__What this task involves__:
Set down again exactly the lines of the listing below that fall between the line holding "a x + b both" and the line holding "The file develops", inclusive.

Supplied information section start

(* Let $p\ge 1711$ be a prime such that $-1$ is a quadratic residue modulo $p$ and $2,3$ are quadratic non-residues modulo $p$. Let $R'=R\setminus\{\tfrac{p+3}{2},\tfrac{p-3}{2}\}$ (elements of $\mathbb{F}_p$, i.e. $R'=R\setminus\{3/2,-3/2\}$). Let $\vec D$ be the digraph with vertex set $R'$ whose edges are: for every triple $x,y,z\in R'$ with $2x=y+z\neq 3$, the edges $(x,y)$ and $(x,z)$; and for every pair $y\neq z$ in $R'$ with $y+z=3$, the edges $(1,y)$ and $(1,z)$. Then $\vec D$ is strongly connected. Equivalently, the system of inequalities in variables $(x_a)_{a\in R'}$ $$2x_a\le x_b+x_c\ \ (a,b,c\in R',\ 2a=b+c\neq3),\qquad 3x_1\le x_b+x_c\ \ (b,c\in R',\ b+c=3),\qquad x_a>0\ \ (a\in R')$$ is strongly connected in the sense that its associated digraph (edges from the left-hand index to each right-hand index of every inequality) is strongly connected.
   Context: $R$ denotes the set of nonzero quadratic residues in $\mathbb{F}_p$ (note $1\in R'$). All arithmetic is in $\mathbb{F}_p$. *)

From HB Require Import structures.
From mathcomp Require Import all_boot all_order all_algebra.
Unset Printing Implicit Defensive.
Import GRing.Theory.
Local Open Scope ring_scope.

Definition QR (p : nat) : {set 'F_p} :=
  [set x : 'F_p | (x != 0) && [exists y : 'F_p, y ^+ 2 == x]].

Definition Rp (p : nat) : {set 'F_p} :=
  QR p :\: [set (3%:R / 2%:R : 'F_p); - (3%:R / 2%:R)].

Definition Dedge (p : nat) : rel 'F_p := fun a b =>
  [&& a \in Rp p, b \in Rp p &
    [exists c : 'F_p,
      (c \in Rp p) &&
      (((2%:R * a == b + c) && (b + c != 3%:R))
       || [&& a == 1, c != b & b + c == 3%:R])]].

Definition strongly_connected_D (p : nat) : Prop :=
  forall u v : 'F_p, u \in Rp p -> v \in Rp p -> connect (Dedge p) u v.

(* Only the "midpoint" edges x -> y (with z = 2x - y in R', and then
   automatically y + z = 2x <> 3 since x <> 3/2) are used.

   Suppose v is not reachable from u.  Let A be the set of vertices reachable
   from u and B = R' \ A; then A is closed under out-edges and B under
   in-edges.  With chi the quadratic character of F_p we show:
   - (degrees) since chi (-1) = 1 and chi 2 = -1, every vertex has at least
     (p - 17)/4 midpoint out- and in-neighbours: the number of x with x and
     a x + b both nonzero squares is computed exactly with Jacobi sums
     (count_QR_affine), and removing +-3/2 costs at most 4 of them;
   - (density) a nonempty X in which the pairs (x, y) with 2x - y a square
     number at least |X| (p - 17)/4 has more than (p - 1)/4 elements: the
     pair count is |X|^2 / 2 plus half a bilinear character sum, bounded by
     |X| sqrt p / 2 via Cauchy-Schwarz (bilinear_chi_bound).
   Hence |A|, |B| > (p - 1)/4, contradicting |A| + |B| <= |QR| = (p - 1)/2.
   The file develops general finite-sum facts, then the quadratic character
   of F_p for an odd prime p, then the digraph argument. *)

From HB Require Import structures.
From mathcomp Require Import all_boot all_order all_algebra finfield.
From mathcomp Require Import zify ring.
Local Open Scope ring_scope.
Import Order.TTheory GRing.Theory Num.Theory.

Lemma sqr_sum_le {R : realDomainType} {I : finType} (X : {set I}) (T : I -> R) :
  (\sum_(x in X) T x) ^+ 2 <= #|X|%:R * \sum_(x in X) T x ^+ 2.
Proof.
set n : R := #|X|%:R; set S := \sum_(x in X) T x; set Q := \sum_(x in X) T x ^+ 2.
have var_ge0 : 0 <= \sum_(x in X) (n * T x - S) ^+ 2.
  by apply: sumr_ge0 => x _; exact: sqr_ge0.
have var_eq : \sum_(x in X) (n * T x - S) ^+ 2 = n * (n * Q - S ^+ 2).
  rewrite (eq_bigr (fun x => n ^+ 2 * T x ^+ 2 - (2 * n * S) * T x + S ^+ 2));
    last by move=> x _; ring.
  rewrite big_split sumrB /= -!mulr_sumr sumr_const -/S -/Q -mulr_natr; ring.
have [X0 | /set0Pn[x0 x0X]] := eqVneq X set0.
  by rewrite /S /n X0 big_set0 cards0 expr0n mul0r.
have n_gt0 : 0 < n by rewrite ltr0n card_gt0; apply/set0Pn; exists x0.
by rewrite -subr_ge0 -(pmulr_rge0 _ n_gt0) -var_eq.
Qed.

Lemma card_set_int {T : finType} (P : pred T) :
  (#|[set x | P x]|)%:Z = \sum_(x : T) (if P x then 1 else 0).
Proof.
rewrite -sum1_card big_mkcond /= (big_morph Posz PoszD (erefl _)).
by apply: eq_bigr => x _; rewrite inE; case: (P x).
Qed.

Lemma card_pairs_setD {T : finType} {f : T -> T} (S D : {set T}) : injective f ->
  (#|[set x | (x \in S) && (f x \in S)]|
    <= #|[set x | (x \in S :\: D) && (f x \in S :\: D)]| + 2 * #|D|)%N.
Proof.
move=> f_inj.
have sub : [set x | (x \in S) && (f x \in S)] \subset
    [set x | (x \in S :\: D) && (f x \in S :\: D)] :|: (D :|: f @^-1: D).
  apply/subsetP => x; rewrite !inE => /andP[xS fxS]; rewrite xS fxS !andbT.
  by case: (x \in D); case: (f x \in D).
apply: leq_trans (subset_leq_card sub) _.
apply: leq_trans (leq_card_setU _ _) _; rewrite leq_add2l.
by apply: leq_trans (leq_card_setU _ _) _; rewrite card_preimset // addnn mul2n.
Qed.

Section QuadraticResidues.
Variable p : nat.
Hypothesis p_prime : prime p.
Hypothesis p_odd : odd p.
Local Notation F := 'F_p.

Definition euler_exp : nat := (p.-1)./2.

Lemma euler_exp_double : (euler_exp * 2 = p.-1)%N.
Proof.
have p_gt0 := prime_gt0 p_prime.
rewrite /euler_exp; move: p_odd; rewrite -(prednK p_gt0) /= => /negPf even_pred.
by rewrite -[RHS]odd_double_half even_pred add0n -muln2.
Qed.

Lemma euler_exp_gt0 : (0 < euler_exp)%N.
Proof. by move: euler_exp_double (odd_prime_gt2 p_odd p_prime); lia. Qed.

Lemma two_neq0 : (2%:R : F) != 0.
Proof.
rewrite -(dvdn_pcharf (pchar_Fp p_prime)); have := odd_prime_gt2 p_odd p_prime.
by apply: contraL => /(dvdn_leq (isT : (0 < 2)%N)); lia.
Qed.

Lemma fermat_Fp (x : F) : x != 0 -> x ^+ p.-1 = 1.
Proof.
move=> x0; apply: (mulfI x0); rewrite mulr1 -exprS prednK ?prime_gt0 //.
by have := expf_card x; rewrite card_Fp.
Qed.

Lemma QR_euler (x : F) : x \in QR p -> x ^+ euler_exp = 1.
Proof.
rewrite inE => /andP[x0 /existsP[y /eqP yx]].
have y0 : y != 0 by apply: contraNneq x0 => y0; rewrite -yx y0 expr0n.
by rewrite -yx -exprM mulnC euler_exp_double fermat_Fp.
Qed.

(* The squaring map is at most 2-to-1 onto QR, so QR has at least (p-1)/2
   elements. *)
Lemma card_QR_ge : (euler_exp <= #|QR p|)%N.
Proof.
have card_units : #|[set y : F | y != 0]| = p.-1.
  have -> : [set y : F | y != 0] = [set~ 0] by apply/setP => y; rewrite !inE.
  by rewrite cardsC1 card_Fp.
rewrite -(leq_pmul2r (isT : (0 < 2)%N)) euler_exp_double -card_units.
rewrite -sum1_card (partition_big (fun y : F => y ^+ 2) (mem (QR p))) /=; last first.
  move=> y; rewrite !inE => y0; rewrite expf_neq0 //=.
  by apply/existsP; exists y.
rewrite mulnC -sum1_card big_distrr /=; apply: leq_sum => x _; rewrite muln1 sum1_card.
case: (pickP [pred y : F | (y \in [set y | y != 0]) && (y ^+ 2 == x)]);
  last by move=> none; rewrite (eq_card0 none).
move=> y0 /= /andP[_ /eqP y0x].
apply: leq_trans (_ : #|[set y0; - y0]| <= 2)%N; last by rewrite cards2; case: (_ != _).
apply: subset_leq_card; apply/subsetP => y; rewrite !inE => /andP[_ /eqP yx].
by rewrite -eqf_sqr yx y0x.
Qed.

(* A polynomial of degree (p-1)/2 has at most (p-1)/2 roots. *)
Lemma card_euler_roots : (#|[set x : F | x ^+ euler_exp == 1%R]| <= euler_exp)%N.
Proof.
rewrite cardE; apply: max_unity_roots; first exact: euler_exp_gt0.
  by apply/allP => y; rewrite mem_enum inE unity_rootE.
exact: enum_uniq.
Qed.

Lemma QR_roots : QR p = [set x : F | x ^+ euler_exp == 1].
Proof.
have sub : QR p \subset [set x : F | x ^+ euler_exp == 1].
  by apply/subsetP => x /QR_euler; rewrite inE => ->.
by apply/eqP; rewrite eqEcard sub (leq_trans card_euler_roots card_QR_ge).
Qed.

Lemma card_QR : #|QR p| = euler_exp.
Proof.
by apply/eqP; rewrite eqn_leq card_QR_ge andbT QR_roots card_euler_roots.
Qed.

Lemma euler_sqr {x : F} : x != 0 -> (x ^+ euler_exp) ^+ 2 = 1.
Proof. by move=> x0; rewrite -exprM euler_exp_double fermat_Fp. Qed.

Definition chi (x : F) : int :=
  if x == 0 then 0 else if x ^+ euler_exp == 1 then 1 else -1.

Lemma chi0 : chi 0 = 0. Proof. by rewrite /chi eqxx. Qed.

Lemma chi1 : chi 1 = 1. Proof. by rewrite /chi oner_eq0 expr1n eqxx. Qed.

Lemma chi1E (x : F) : (chi x == 1) = (x \in QR p).
Proof.
rewrite QR_roots inE /chi; case: (x =P 0) => [->|_]; last by case: ifP.
by rewrite expr0n gtn_eqF ?euler_exp_gt0 // eq_sym oner_eq0.
Qed.

Lemma chi_pm1 {x : F} : x != 0 -> chi x = 1 \/ chi x = -1.
Proof. by rewrite /chi => /negPf ->; case: ifP; [left | right]. Qed.

Lemma chi_QR {x : F} : x \in QR p -> chi x = 1.
Proof. by rewrite -chi1E => /eqP. Qed.

Lemma chi_nQR {x : F} : x != 0 -> x \notin QR p -> chi x = -1.
Proof. by move=> /chi_pm1[] // chix; rewrite -chi1E chix. Qed.

Lemma chiM (x y : F) : chi (x * y) = chi x * chi y.
Proof.
have [->|x0] := eqVneq x 0; first by rewrite mul0r chi0 mul0r.
have [->|y0] := eqVneq y 0; first by rewrite mulr0 chi0 mulr0.
have m1_neq1 : (-1 : F) != 1.
  by rewrite -subr_eq0 -opprD oppr_eq0 -(natrD F 1 1) two_neq0.
rewrite /chi mulf_eq0 (negPf x0) (negPf y0) /= exprMn.
move: (euler_sqr x0) (euler_sqr y0) => /eqP; rewrite sqrf_eq1 => + /eqP.
rewrite sqrf_eq1.
by case/orP=> /eqP ->; case/orP=> /eqP ->;
  rewrite ?mulr1 ?mulrN1 ?mulrNN ?eqxx ?(negPf m1_neq1) ?opprK.
Qed.

Lemma chi_sqr {x : F} : x != 0 -> chi x * chi x = 1.
Proof. by case/chi_pm1 => ->. Qed.

Lemma chi_sqr_le1 (x : F) : chi x * chi x <= 1.
Proof. by rewrite /chi; case: ifP => //; case: ifP. Qed.

Lemma chiV (x : F) : chi x^-1 = chi x.
Proof.
have [->|x0] := eqVneq x 0; first by rewrite invr0.
by rewrite -[LHS]mul1r -(chi_sqr x0) -mulrA -chiM mulfV // chi1 mulr1.
Qed.

(* Since #|QR| = (p-1)/2 < p-1, the character takes the value -1. *)
Lemma exists_nonresidue : exists n : F, chi n = -1.
Proof.
have : ~~ ([set~ 0] \subset QR p).
  apply/negP => /subset_leq_card; rewrite cardsC1 card_Fp // card_QR.
  by move: euler_exp_double euler_exp_gt0; lia.
by case/subsetPn => n; rewrite in_setC1 => n0 nQR; exists n; exact: chi_nQR.
Qed.

(* chi is a nontrivial character, so it sums to 0 over F_p. *)
Lemma sum_chi : \sum_(x : F) chi x = 0.
Proof.
have [n chin] := exists_nonresidue.
have n0 : n != 0 by apply: contra_eqN chin => /eqP ->; rewrite chi0.
have : \sum_(x : F) chi x = - \sum_(x : F) chi x.
  rewrite {1}(reindex_inj (mulfI n0)) /= -mulN1r mulr_sumr.
  by apply: eq_bigr => x _; rewrite chiM chin.
by move/eqP; rewrite -subr_eq0 opprK -mulr2n mulrn_eq0 => /eqP.
Qed.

Supplied information section end

__Response to the exercise__:
     a x + b both nonzero squares is computed exactly with Jacobi sums
     (count_QR_affine), and removing +-3/2 costs at most 4 of them;
   - (density) a nonempty X in which the pairs (x, y) with 2x - y a square
     number at least |X| (p - 17)/4 has more than (p - 1)/4 elements: the
     pair count is |X|^2 / 2 plus half a bilinear character sum, bounded by
     |X| sqrt p / 2 via Cauchy-Schwarz (bilinear_chi_bound).
   Hence |A|, |B| > (p - 1)/4, contradicting |A| + |B| <= |QR| = (p - 1)/2.
   The file develops general finite-sum facts, then the quadratic character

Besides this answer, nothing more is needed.